● **Task brief**
Check each line below for the word "centre". How many have it? Answer with the number only.

[Records from a data collection]
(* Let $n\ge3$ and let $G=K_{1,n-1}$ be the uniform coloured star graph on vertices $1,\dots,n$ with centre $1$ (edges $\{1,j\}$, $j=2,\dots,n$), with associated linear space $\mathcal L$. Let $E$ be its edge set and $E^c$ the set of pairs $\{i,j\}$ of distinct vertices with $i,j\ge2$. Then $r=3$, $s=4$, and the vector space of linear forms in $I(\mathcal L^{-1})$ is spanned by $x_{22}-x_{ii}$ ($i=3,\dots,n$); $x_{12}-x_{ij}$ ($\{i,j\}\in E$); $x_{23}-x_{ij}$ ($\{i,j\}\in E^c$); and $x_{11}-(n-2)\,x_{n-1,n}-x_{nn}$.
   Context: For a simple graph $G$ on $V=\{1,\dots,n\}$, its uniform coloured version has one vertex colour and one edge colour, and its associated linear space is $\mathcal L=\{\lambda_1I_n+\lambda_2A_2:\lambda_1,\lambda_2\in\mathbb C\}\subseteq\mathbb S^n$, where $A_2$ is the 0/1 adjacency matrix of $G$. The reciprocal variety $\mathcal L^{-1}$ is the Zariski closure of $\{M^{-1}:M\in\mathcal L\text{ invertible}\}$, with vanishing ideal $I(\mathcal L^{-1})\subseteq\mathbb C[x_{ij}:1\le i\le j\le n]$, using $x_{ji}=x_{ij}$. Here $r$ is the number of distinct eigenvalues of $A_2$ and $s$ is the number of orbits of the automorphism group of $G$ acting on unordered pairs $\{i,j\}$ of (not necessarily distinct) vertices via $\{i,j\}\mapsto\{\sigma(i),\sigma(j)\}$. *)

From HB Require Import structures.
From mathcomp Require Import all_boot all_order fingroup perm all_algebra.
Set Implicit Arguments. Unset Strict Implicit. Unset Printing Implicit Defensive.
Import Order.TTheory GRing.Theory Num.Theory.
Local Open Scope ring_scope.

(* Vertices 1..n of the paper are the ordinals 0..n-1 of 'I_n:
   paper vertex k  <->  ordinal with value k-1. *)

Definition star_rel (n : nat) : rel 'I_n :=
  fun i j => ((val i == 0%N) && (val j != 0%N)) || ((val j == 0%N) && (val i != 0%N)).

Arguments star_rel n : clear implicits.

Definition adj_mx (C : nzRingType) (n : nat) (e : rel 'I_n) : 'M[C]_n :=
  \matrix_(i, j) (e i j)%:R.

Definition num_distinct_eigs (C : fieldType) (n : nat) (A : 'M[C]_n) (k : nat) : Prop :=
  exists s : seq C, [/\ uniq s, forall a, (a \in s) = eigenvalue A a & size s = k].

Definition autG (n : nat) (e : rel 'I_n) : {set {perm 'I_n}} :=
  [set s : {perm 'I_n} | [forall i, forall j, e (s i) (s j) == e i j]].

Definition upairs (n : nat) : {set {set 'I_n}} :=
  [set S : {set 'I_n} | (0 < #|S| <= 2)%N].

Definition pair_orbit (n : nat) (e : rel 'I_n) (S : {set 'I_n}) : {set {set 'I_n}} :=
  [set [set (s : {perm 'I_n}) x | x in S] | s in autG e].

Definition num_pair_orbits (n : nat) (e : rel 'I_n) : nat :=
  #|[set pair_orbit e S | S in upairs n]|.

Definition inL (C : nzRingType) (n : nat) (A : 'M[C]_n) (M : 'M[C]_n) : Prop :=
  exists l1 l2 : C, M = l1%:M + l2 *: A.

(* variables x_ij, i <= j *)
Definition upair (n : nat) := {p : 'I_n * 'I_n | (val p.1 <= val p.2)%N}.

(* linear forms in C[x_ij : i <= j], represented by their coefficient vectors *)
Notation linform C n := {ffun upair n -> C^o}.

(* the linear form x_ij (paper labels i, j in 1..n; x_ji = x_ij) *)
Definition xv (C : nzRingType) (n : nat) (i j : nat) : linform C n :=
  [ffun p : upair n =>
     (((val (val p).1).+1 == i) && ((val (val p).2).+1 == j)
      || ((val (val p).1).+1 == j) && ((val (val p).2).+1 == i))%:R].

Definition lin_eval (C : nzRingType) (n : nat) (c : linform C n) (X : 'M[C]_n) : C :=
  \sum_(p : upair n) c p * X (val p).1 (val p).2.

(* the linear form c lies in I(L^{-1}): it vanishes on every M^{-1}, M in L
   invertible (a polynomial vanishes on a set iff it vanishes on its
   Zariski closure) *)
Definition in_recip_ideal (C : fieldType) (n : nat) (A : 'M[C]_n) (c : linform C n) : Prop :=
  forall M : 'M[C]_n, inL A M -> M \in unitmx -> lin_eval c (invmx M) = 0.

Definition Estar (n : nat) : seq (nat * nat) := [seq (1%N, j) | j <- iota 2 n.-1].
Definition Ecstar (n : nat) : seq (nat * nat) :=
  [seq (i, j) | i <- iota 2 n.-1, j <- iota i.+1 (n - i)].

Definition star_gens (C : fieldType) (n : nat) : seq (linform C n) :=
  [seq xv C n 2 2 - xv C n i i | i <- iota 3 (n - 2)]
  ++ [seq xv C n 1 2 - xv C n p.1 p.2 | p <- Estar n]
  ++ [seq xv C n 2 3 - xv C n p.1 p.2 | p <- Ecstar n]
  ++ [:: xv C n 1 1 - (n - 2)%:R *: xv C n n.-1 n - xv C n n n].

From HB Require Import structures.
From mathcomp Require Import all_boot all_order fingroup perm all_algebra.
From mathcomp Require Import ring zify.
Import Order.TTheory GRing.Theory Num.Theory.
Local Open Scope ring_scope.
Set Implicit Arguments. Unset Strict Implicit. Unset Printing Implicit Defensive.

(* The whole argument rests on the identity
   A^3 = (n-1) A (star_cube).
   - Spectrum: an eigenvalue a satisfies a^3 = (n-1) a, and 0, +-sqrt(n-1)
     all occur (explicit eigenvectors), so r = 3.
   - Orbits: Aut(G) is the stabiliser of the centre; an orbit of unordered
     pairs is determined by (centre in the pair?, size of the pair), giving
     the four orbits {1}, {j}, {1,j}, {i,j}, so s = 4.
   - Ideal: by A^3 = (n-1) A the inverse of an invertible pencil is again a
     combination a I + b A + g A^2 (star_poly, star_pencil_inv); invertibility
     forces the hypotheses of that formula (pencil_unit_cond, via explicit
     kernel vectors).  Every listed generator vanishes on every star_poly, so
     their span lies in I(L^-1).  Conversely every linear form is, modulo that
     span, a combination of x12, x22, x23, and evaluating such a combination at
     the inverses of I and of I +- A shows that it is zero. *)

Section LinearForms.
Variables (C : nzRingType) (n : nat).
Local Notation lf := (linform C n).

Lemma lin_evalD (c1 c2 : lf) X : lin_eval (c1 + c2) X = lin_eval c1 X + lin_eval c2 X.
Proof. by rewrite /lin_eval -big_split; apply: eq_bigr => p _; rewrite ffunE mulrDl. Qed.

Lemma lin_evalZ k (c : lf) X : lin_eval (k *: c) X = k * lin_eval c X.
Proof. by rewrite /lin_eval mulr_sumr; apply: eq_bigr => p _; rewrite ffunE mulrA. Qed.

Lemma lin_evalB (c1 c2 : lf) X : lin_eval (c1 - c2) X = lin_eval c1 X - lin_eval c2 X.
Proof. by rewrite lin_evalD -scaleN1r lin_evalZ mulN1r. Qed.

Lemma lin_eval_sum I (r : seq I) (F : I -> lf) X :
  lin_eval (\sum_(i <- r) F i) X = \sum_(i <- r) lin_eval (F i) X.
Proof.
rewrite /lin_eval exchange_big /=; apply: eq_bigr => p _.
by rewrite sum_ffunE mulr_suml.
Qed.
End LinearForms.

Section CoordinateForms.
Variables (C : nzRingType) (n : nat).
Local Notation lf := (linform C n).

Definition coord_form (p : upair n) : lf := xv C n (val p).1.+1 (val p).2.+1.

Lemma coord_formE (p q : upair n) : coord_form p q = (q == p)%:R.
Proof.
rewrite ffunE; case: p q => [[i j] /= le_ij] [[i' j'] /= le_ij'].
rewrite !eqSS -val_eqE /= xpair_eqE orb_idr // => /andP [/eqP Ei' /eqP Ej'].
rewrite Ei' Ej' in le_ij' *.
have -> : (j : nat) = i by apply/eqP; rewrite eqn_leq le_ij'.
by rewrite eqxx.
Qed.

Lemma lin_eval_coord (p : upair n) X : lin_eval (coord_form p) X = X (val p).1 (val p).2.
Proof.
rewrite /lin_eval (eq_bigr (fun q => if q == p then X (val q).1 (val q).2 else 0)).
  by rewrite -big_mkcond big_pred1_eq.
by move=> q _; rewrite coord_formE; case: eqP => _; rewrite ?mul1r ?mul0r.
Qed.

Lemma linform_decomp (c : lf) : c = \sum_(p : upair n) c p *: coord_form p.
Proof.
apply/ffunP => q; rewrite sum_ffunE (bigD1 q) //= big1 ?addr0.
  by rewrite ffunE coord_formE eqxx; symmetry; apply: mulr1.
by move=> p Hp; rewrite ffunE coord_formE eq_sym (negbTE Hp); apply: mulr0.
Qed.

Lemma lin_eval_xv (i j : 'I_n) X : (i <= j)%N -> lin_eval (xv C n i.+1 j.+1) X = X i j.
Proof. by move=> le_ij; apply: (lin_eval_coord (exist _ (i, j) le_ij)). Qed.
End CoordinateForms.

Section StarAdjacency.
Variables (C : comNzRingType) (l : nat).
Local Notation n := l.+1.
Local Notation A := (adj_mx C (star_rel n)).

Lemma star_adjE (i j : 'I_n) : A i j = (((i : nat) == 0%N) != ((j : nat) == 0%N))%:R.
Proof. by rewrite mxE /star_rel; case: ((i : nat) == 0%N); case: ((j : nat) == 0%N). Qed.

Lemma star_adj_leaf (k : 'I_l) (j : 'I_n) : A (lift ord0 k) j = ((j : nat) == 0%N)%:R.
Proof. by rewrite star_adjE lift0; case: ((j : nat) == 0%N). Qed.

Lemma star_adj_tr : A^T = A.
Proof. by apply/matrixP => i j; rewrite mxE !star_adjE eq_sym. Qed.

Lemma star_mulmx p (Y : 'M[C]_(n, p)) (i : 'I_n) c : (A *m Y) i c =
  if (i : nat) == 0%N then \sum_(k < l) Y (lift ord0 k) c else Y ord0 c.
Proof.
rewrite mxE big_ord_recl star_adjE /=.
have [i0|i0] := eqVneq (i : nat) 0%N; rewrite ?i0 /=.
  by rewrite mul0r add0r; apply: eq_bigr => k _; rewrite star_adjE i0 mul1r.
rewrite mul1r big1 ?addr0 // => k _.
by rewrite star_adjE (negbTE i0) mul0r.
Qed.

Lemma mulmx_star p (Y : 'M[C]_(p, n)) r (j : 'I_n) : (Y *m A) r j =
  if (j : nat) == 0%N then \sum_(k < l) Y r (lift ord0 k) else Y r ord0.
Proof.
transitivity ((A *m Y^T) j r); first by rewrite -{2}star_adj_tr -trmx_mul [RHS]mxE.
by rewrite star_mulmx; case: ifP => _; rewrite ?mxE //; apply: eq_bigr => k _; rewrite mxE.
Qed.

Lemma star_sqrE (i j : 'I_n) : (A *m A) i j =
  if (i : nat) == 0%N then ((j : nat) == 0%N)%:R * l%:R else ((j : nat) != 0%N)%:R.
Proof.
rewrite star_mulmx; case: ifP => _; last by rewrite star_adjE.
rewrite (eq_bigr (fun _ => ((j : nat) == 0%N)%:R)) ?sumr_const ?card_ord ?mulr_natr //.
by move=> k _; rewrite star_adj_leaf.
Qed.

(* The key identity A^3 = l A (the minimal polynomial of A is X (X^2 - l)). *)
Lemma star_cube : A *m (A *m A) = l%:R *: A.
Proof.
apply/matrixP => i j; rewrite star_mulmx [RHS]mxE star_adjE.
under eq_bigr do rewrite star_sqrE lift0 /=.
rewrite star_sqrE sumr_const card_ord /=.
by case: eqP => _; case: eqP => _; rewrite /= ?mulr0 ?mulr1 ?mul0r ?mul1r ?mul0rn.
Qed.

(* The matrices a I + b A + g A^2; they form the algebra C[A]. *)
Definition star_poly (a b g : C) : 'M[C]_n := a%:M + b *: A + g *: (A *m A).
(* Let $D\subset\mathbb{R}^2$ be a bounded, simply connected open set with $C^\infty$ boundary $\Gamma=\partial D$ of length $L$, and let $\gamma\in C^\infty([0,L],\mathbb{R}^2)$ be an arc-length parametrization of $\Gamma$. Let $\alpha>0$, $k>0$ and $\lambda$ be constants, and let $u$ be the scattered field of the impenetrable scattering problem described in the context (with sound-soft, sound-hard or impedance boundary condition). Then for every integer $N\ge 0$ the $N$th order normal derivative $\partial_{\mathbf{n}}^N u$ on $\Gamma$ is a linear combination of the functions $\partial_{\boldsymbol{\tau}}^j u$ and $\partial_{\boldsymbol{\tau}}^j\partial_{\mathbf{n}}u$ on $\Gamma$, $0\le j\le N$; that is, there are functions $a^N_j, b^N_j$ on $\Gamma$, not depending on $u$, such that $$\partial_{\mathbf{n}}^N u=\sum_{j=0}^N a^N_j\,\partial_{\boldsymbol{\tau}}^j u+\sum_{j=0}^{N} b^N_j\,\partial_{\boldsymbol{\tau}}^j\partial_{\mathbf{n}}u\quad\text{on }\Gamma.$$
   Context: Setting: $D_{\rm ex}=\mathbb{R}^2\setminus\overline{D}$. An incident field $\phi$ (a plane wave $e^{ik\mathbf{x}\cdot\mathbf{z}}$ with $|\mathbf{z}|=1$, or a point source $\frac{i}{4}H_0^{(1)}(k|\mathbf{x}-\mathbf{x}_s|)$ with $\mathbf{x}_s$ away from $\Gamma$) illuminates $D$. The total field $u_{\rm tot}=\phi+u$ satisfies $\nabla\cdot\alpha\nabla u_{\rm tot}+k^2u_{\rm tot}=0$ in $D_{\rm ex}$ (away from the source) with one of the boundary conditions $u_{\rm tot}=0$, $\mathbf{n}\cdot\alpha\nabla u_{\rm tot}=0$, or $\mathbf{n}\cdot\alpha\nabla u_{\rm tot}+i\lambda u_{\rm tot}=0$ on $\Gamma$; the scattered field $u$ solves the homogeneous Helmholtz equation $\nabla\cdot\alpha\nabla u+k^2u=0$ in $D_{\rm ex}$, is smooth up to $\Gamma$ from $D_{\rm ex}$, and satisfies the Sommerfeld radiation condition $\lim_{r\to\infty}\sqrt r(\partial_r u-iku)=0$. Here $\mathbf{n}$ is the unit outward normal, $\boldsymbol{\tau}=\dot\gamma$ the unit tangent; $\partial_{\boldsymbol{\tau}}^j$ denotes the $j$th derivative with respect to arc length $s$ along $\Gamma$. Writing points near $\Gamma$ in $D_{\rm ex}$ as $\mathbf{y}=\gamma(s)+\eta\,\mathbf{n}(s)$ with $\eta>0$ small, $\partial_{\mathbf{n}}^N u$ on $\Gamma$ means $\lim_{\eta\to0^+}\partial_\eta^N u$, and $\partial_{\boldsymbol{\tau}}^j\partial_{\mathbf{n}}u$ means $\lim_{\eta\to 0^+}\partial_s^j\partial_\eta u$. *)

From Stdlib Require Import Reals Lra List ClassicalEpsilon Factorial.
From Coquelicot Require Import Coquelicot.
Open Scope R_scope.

● **Answer space**
3